• _Extracted information_:
*** Begin section ***

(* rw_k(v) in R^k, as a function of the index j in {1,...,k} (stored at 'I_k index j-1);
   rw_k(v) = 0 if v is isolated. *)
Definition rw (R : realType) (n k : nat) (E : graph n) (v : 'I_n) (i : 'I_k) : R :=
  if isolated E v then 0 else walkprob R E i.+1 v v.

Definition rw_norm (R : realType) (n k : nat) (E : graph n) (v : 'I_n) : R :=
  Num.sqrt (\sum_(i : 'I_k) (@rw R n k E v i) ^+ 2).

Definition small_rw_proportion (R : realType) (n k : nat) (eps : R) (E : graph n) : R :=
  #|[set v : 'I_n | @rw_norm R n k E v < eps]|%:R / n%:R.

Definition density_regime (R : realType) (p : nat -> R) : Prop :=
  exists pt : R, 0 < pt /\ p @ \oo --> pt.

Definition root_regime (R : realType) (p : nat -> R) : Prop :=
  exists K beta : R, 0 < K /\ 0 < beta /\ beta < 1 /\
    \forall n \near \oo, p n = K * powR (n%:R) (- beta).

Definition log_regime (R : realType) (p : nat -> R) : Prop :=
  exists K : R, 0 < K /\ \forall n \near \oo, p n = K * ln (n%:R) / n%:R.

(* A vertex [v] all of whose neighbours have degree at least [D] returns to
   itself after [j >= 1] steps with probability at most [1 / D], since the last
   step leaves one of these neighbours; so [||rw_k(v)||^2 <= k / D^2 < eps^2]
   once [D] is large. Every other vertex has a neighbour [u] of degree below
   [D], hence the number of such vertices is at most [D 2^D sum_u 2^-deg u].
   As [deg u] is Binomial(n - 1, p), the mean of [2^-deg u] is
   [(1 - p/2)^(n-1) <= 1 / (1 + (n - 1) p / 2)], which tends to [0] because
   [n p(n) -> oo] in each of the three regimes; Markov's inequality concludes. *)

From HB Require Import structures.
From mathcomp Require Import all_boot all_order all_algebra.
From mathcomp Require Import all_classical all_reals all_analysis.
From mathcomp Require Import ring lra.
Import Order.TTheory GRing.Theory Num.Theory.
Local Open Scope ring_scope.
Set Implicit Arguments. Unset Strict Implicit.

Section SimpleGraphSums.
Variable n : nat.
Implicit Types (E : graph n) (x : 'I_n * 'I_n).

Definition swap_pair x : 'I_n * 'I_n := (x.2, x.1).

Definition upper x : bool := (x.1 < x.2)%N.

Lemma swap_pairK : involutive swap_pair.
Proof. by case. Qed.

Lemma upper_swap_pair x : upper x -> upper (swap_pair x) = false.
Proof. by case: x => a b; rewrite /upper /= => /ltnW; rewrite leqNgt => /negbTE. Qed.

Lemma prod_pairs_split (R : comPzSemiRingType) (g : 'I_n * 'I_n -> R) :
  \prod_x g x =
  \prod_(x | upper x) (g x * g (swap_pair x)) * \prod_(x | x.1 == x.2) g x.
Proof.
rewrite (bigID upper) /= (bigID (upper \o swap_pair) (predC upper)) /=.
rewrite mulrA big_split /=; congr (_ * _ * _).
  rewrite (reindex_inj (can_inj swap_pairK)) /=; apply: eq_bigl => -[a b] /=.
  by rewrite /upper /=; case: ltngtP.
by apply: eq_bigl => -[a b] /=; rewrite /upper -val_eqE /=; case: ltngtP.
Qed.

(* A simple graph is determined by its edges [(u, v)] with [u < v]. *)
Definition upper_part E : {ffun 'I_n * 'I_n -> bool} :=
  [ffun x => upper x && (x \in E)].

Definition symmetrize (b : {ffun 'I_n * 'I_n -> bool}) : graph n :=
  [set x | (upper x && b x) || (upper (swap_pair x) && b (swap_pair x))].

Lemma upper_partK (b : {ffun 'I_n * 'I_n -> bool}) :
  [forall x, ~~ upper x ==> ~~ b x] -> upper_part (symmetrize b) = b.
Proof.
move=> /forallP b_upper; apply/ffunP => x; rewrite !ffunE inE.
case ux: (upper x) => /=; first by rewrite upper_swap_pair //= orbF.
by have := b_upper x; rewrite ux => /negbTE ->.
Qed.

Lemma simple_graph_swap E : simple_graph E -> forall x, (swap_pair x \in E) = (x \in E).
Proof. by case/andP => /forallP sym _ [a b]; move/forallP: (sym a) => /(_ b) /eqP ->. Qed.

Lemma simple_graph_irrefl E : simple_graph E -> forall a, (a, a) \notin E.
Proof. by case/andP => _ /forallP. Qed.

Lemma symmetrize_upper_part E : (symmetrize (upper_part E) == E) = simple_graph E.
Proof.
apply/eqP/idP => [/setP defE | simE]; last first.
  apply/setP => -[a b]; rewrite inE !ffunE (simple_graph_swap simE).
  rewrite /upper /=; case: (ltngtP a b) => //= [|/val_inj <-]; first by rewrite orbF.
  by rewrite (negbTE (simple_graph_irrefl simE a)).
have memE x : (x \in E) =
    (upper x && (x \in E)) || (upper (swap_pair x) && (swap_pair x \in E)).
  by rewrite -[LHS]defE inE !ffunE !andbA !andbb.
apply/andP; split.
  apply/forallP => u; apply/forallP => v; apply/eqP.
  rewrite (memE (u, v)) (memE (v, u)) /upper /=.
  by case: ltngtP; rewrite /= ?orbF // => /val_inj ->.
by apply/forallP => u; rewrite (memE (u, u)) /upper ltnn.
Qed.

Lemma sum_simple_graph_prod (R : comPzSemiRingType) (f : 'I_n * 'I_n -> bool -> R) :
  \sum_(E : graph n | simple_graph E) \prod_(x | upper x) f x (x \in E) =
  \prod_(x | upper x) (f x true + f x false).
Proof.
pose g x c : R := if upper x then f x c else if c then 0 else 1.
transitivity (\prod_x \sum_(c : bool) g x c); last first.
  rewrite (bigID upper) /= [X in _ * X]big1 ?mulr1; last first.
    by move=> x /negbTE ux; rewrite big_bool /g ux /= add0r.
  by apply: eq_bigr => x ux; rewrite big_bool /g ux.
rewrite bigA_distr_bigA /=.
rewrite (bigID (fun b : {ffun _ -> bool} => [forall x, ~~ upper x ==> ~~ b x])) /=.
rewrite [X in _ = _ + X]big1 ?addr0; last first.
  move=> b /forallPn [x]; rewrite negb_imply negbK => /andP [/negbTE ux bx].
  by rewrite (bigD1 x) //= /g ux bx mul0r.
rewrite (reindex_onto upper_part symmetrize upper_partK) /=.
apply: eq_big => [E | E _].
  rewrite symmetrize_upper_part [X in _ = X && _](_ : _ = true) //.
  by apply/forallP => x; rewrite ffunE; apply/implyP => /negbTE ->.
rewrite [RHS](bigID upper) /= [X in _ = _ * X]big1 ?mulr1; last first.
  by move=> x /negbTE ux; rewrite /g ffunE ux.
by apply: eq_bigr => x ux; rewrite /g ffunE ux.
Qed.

*** End section ***

• _Description of the task_:
Could you filter the entries above for lines holding the string "isolated" and copy them?

• _Task output_:
   rw_k(v) = 0 if v is isolated. *)
  if isolated E v then 0 else walkprob R E i.+1 v v.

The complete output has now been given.